• **What to produce**
Only the lines below starting at the one containing "fun p => exist" and ending at the one containing "fun k => if" belong in the answer, each copied exactly.

• **Input material**
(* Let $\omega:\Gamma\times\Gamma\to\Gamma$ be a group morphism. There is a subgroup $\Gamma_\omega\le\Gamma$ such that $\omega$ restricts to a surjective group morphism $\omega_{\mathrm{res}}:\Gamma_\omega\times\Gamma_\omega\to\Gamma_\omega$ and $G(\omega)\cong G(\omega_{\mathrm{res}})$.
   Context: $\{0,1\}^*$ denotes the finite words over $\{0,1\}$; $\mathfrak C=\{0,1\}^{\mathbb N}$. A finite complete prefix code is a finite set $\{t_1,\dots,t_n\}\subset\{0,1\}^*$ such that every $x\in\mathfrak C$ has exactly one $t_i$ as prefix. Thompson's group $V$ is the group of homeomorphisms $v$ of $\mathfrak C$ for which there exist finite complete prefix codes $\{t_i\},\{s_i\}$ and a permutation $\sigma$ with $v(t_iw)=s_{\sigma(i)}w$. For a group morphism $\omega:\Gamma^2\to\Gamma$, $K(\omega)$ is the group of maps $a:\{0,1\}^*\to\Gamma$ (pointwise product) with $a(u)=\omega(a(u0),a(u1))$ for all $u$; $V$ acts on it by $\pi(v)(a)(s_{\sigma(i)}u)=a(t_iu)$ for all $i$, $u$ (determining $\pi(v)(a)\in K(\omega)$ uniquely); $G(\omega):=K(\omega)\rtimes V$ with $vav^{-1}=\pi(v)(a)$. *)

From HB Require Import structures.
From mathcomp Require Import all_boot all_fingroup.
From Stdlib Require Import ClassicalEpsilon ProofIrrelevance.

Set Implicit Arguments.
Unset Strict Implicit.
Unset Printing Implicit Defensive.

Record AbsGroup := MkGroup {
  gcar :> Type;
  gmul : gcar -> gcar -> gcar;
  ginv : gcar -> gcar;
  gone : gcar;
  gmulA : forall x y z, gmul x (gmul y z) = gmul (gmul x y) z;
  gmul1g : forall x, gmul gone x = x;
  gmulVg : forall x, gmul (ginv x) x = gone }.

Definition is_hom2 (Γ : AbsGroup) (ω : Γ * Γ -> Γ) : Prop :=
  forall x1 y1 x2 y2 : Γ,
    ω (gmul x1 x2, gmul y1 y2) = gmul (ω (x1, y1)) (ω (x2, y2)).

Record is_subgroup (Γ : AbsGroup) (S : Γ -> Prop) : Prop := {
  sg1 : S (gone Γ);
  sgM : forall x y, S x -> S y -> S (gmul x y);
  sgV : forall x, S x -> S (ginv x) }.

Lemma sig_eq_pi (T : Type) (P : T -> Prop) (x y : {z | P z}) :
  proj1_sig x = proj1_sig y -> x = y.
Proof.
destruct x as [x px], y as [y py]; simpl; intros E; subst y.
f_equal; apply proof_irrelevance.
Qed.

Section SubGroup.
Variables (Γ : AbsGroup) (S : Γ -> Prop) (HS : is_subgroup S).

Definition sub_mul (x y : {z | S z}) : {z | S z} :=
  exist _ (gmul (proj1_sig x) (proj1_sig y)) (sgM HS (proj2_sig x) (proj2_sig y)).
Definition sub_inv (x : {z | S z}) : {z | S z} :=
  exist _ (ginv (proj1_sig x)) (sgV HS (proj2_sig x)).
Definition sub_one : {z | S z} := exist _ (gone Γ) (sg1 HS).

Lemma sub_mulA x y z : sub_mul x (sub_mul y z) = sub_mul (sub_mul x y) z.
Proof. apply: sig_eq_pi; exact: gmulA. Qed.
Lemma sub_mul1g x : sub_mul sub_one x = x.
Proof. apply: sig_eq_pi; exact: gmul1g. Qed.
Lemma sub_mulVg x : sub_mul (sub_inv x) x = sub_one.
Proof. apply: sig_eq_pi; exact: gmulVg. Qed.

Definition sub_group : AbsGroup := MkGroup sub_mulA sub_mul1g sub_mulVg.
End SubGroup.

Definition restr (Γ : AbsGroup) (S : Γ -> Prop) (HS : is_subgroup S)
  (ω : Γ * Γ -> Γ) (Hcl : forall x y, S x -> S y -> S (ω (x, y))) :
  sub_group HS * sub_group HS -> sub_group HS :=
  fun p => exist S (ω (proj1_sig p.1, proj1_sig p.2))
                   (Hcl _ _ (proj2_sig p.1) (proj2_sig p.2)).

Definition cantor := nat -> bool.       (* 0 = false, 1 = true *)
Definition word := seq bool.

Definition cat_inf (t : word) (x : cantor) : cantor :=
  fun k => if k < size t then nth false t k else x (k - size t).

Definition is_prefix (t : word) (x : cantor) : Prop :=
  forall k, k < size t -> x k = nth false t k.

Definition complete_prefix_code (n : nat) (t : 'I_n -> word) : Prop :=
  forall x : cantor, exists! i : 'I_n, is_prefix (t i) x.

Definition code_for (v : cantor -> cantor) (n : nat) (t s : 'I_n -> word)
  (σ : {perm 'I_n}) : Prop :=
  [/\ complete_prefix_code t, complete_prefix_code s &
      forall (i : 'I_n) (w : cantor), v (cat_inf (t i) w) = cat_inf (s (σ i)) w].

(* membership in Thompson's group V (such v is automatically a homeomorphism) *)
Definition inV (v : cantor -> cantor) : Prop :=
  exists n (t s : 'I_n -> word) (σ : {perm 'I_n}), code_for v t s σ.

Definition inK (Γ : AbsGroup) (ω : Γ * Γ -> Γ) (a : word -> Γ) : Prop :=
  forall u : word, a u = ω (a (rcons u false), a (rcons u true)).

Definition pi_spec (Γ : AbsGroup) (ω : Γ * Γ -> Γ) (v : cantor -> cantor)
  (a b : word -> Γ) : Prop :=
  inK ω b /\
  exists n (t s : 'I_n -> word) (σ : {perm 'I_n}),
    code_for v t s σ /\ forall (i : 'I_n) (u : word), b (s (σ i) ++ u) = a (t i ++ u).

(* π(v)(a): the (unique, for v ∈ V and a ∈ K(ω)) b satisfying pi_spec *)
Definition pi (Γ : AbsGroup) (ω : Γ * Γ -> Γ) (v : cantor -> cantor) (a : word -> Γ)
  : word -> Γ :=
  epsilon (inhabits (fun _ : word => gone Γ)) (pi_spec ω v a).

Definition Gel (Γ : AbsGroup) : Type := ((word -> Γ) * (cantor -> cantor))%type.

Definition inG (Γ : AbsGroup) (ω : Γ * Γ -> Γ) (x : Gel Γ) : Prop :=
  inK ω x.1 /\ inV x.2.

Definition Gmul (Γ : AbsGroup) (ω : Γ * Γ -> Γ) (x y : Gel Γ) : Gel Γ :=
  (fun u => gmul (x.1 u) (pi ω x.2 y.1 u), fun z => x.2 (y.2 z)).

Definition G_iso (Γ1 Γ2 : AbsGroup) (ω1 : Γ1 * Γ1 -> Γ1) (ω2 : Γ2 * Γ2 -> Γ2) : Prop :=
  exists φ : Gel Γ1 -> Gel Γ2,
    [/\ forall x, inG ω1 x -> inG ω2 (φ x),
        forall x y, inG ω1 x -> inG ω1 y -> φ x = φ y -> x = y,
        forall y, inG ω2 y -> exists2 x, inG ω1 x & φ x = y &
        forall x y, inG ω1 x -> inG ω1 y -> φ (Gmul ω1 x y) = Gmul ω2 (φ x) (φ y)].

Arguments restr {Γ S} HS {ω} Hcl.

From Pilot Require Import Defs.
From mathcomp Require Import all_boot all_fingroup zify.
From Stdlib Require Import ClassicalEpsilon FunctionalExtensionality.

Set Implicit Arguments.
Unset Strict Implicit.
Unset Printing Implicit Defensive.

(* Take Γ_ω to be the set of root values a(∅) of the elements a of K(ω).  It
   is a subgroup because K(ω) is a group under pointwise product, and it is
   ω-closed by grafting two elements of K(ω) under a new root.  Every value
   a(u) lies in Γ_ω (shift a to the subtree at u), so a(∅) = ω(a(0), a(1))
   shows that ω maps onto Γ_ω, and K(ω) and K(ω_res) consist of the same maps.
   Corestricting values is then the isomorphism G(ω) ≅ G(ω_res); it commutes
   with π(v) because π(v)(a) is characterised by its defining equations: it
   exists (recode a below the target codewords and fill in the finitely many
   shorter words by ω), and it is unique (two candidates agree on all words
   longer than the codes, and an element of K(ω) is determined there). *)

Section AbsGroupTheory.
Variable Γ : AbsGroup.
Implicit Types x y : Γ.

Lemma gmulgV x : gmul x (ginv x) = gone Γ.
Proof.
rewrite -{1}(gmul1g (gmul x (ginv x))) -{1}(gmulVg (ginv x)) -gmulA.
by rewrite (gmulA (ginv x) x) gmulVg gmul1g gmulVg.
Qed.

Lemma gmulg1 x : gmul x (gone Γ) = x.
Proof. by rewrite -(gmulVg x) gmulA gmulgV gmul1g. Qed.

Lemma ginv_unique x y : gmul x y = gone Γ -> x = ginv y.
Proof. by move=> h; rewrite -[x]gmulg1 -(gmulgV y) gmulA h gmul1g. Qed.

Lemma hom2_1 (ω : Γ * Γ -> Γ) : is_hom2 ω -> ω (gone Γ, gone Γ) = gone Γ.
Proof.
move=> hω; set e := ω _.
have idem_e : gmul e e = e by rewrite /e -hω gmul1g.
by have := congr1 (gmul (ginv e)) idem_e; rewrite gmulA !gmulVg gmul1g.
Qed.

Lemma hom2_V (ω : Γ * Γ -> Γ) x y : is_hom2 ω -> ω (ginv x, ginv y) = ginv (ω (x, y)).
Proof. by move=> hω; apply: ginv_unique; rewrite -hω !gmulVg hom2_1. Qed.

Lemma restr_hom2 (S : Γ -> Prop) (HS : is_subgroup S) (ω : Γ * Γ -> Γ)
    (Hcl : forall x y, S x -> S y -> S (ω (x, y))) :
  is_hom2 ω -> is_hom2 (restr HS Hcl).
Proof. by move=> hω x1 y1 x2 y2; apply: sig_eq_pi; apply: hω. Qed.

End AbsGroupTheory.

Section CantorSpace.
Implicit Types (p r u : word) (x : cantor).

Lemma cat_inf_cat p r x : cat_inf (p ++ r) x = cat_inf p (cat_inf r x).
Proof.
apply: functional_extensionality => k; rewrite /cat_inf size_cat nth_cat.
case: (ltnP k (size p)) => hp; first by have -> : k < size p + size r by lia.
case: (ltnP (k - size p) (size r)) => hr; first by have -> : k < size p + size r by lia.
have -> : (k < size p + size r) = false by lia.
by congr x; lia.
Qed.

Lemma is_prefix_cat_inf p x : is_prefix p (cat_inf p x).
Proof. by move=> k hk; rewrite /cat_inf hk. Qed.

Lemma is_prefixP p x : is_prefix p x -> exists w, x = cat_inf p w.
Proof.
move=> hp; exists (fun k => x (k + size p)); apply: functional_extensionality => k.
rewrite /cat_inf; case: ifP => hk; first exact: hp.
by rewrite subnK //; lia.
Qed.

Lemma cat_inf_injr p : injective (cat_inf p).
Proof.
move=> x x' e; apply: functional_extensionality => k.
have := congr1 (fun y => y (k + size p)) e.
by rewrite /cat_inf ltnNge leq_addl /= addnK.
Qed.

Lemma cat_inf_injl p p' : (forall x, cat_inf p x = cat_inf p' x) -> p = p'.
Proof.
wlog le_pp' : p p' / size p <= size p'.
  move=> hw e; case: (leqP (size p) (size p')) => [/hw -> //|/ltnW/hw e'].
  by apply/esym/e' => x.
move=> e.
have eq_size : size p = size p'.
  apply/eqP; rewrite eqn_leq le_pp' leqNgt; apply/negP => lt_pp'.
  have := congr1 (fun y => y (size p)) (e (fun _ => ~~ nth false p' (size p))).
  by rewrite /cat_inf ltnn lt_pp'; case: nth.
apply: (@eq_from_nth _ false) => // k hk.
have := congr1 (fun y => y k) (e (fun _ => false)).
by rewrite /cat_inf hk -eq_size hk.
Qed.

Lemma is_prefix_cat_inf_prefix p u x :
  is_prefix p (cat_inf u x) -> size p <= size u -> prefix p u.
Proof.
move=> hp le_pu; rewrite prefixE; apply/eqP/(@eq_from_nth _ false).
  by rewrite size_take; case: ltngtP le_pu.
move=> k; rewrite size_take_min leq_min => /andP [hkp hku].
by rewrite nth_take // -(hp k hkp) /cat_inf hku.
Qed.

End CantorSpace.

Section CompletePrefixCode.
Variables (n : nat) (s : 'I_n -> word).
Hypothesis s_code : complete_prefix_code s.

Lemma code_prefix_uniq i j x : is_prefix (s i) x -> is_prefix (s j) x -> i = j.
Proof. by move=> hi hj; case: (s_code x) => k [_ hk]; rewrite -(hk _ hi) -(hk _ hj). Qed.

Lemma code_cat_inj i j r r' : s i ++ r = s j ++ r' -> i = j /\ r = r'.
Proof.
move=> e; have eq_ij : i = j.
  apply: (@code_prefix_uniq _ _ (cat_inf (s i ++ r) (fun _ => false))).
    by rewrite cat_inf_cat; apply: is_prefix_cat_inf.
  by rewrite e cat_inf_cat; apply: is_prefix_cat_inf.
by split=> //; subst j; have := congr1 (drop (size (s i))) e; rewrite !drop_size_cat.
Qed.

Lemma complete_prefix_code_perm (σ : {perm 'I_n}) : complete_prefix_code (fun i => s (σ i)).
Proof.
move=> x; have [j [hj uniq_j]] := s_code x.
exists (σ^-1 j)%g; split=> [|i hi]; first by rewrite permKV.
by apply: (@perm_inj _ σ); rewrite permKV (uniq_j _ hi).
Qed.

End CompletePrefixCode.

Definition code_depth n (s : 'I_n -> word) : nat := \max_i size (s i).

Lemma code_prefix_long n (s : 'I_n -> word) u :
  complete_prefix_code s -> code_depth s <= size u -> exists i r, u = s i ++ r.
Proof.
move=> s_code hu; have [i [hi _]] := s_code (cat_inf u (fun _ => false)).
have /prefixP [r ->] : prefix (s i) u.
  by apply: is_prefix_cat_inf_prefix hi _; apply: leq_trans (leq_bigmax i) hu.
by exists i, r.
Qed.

• **Response**
  fun p => exist S (ω (proj1_sig p.1, proj1_sig p.2))
                   (Hcl _ _ (proj2_sig p.1) (proj2_sig p.2)).

Definition cantor := nat -> bool.       (* 0 = false, 1 = true *)
Definition word := seq bool.

Definition cat_inf (t : word) (x : cantor) : cantor :=
  fun k => if k < size t then nth false t k else x (k - size t).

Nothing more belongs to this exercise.